И как долго упирался, насмерть стоял в спорах даже с собою: трагические перегибы раскулачивания, ошибки коллективизации - это сопутствующие и неизбежные моменты при ломке старого и становлении нового, ставшие опасными в связи с верхоглядством, торопливостью местных чинуш, бессмысленным произволом сельских держи-морд, чему партия скоро положит конец. Ложь! Государство, партия это все и организовали. Планово и продуманно.

И уже со стыдом, с сердечной мукой стал вспоминать себя в страшную пору высылок. Сколько пренебрежения было в нем к иным мыслям, с каким хамством отвечал на другие суждения, сколько ужасного, безжалостного, бесчеловечного совершил он над людьми и над собой, прикрываясь партийным приказом, сознанием своей правоты и непогрешимости! С какой тупостью и бессердечием рассуждал он в те месяцы, ломая себя и совершая насилия над земляками, непоколебимо уверенный в существовании жестокой, но будто бы единственной, крайне необходимой народу новой социальной справедливости! С какой кичливостью, глупой самоуверенностью рассыпал он направо и налево гуляевскому люду пустые обещания...

Не хотел понимать - вот и не понимал, с глухой давней злобой на свое тугодумие признавал он, бесцельно выходя на пустые озерные берега к сонному шелесту камыша, к холодному водному простору с оловянным блеском под облачной хмарью осеннего неба. Не было с детства ума - к старости не прибудет... Партийный инструктор, будь ты проклят...

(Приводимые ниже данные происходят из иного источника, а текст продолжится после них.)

Lemma rat_off_sub E E' f : (forall T, E T -> E' T) -> rat_off E f -> rat_off E' f.
Proof.
move=> EE' [u [w [S H]]]; exists u, w, S => T hT; apply: H.
by case/orP: hT => [->//|h]; rewrite (contraNN (EE' T)) ?orbT.
Qed.

Lemma rat_off_ext E f f' : f =1 f' -> rat_off E f -> rat_off E f'.
Proof. by move=> e [u [w [S H]]]; exists u, w, S => T /H; rewrite e. Qed.

Lemma rat_off_cst E c : rat_off E (fun=> c).
Proof. by exists c%:P, 1, [::] => T _; rewrite !hornerE divr1 oner_neq0. Qed.

Lemma outside_cat (S1 S2 : seq R) E T : (T \notin S1 ++ S2) || ~~ E T ->
  ((T \notin S1) || ~~ E T) /\ ((T \notin S2) || ~~ E T).
Proof. by rewrite mem_cat negb_or; case/orP => [/andP[-> ->]|->]; rewrite ?orbT. Qed.

Lemma rat_offD E f h : rat_off E f -> rat_off E h -> rat_off E (fun T => f T + h T).
Proof.
move=> [u1 [w1 [S1 H1]]] [u2 [w2 [S2 H2]]].
exists (u1 * w2 + u2 * w1), (w1 * w2), (S1 ++ S2).
move=> T /outside_cat[/H1[n1 ->] /H2[n2 ->]].
by rewrite hornerD !hornerM mulf_neq0 //; split=> //; field; apply/andP.
Qed.

Lemma rat_offM E f h : rat_off E f -> rat_off E h -> rat_off E (fun T => f T * h T).
Proof.
move=> [u1 [w1 [S1 H1]]] [u2 [w2 [S2 H2]]].
exists (u1 * u2), (w1 * w2), (S1 ++ S2).
move=> T /outside_cat[/H1[n1 ->] /H2[n2 ->]].
by rewrite !hornerM mulf_neq0 //; split=> //; field; apply/andP.
Qed.

Lemma rat_off_sum (I : eqType) (s : seq I) (F : I -> R -> R) E :
  (forall i, i \in s -> rat_off E (F i)) -> rat_off E (fun T => \sum_(i <- s) F i T).
Proof.
elim: s => [|i s IH] H.
  by apply: rat_off_ext (rat_off_cst E 0) => T; rewrite big_nil.
apply: rat_off_ext (rat_offD (H i (mem_head _ _)) (IH _)) => [T|j hj].
  by rewrite big_cons.
by apply: H; rewrite inE hj orbT.
Qed.

Lemma rat_off_scale E f c : c != 0 ->
  rat_off E f -> rat_off (fun T => E (T * c)) (fun T => f (T * c)).
Proof.
move=> c0 [u [w [S H]]].
exists (u \Po (c%:P * 'X)), (w \Po (c%:P * 'X)), [seq x / c | x <- S] => T hT.
rewrite !horner_comp !hornerE (mulrC c); apply: H.
case/orP: hT => [hT|->]; last by rewrite orbT.
by apply/orP; left; apply: contra hT => hT; apply/mapP; exists (T * c); rewrite ?mulfK.
Qed.

Lemma rat_off_inv1BV c : c != 0 ->
  rat_off (fun T => (T == 0) || (T == c)) (fun T => (1 - c * T^-1)^-1).
Proof.
move=> c0; exists 'X, ('X - c%:P), [:: 0; c] => T.
rewrite !inE negb_or orbb => /andP[T0 Tc].
by rewrite !hornerE subr_eq0 Tc; split=> //; field; rewrite subr_eq0 Tc T0.
Qed.

Lemma rat_off_inv1B d : rat_off (fun T => T * d == 1) (fun T => (1 - T * d)^-1).
Proof.
exists 1, (1 - d%:P * 'X), [:: d^-1] => T hT.
have Td : T * d != 1.
  case/orP: hT => [|//]; apply: contra => /eqP Td.
  have d0 : d != 0 by apply: contra_eq_neq Td => ->; rewrite mulr0 eq_sym oner_neq0.
  by rewrite inE -[T](mulfK d0) Td div1r.
by rewrite !hornerE (mulrC d) subr_eq0 eq_sym Td.
Qed.

Lemma regular_at1_cst c : regular_at1 (fun=> c).
Proof. by exists (fun=> false); split; first exact: rat_off_cst. Qed.

Lemma regular_at1D f h : regular_at1 f -> regular_at1 h -> regular_at1 (fun T => f T + h T).
Proof.
move=> [E1 [h1 n1]] [E2 [h2 n2]]; exists (fun T => E1 T || E2 T).
split; last by rewrite negb_or n1 n2.
by apply: rat_offD; [apply: rat_off_sub h1|apply: rat_off_sub h2] => T ->; rewrite ?orbT.
Qed.

Lemma regular_at1M f h : regular_at1 f -> regular_at1 h -> regular_at1 (fun T => f T * h T).
Proof.
move=> [E1 [h1 n1]] [E2 [h2 n2]]; exists (fun T => E1 T || E2 T).
split; last by rewrite negb_or n1 n2.
by apply: rat_offM; [apply: rat_off_sub h1|apply: rat_off_sub h2] => T ->; rewrite ?orbT.
Qed.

Хорошо, он не понимал. А другие, с кем бок о бок работал в окружкоме, - они понимали? Карнович понимал? Его-то не назовешь глупым. Что-то он понимал, о чем-то догадывался, какое-то место отводил Похмельному в своих расчетах, иначе не заставил бы ехать на выселение в родные инструктору места. Значит, изначально все было правильно. Ошибки появились позднее... Правильно? А не оттого ли исполнительные партийцы оборотнями превратились во врагов народа, что сама идея всеобщей и полной коллективизации была в изначальности чужда и не нужна народу? Нет? Была нужна? Тогда почему он для одних стал райкомовским выкормышем, а для других - христопродавцем? И разве он один? Кто сейчас для людей те тысячи партийцев-низовиков, что выполняют райкомовские распоряжения в колхозах, артелях, на оседточках и точках спецпереселенцев?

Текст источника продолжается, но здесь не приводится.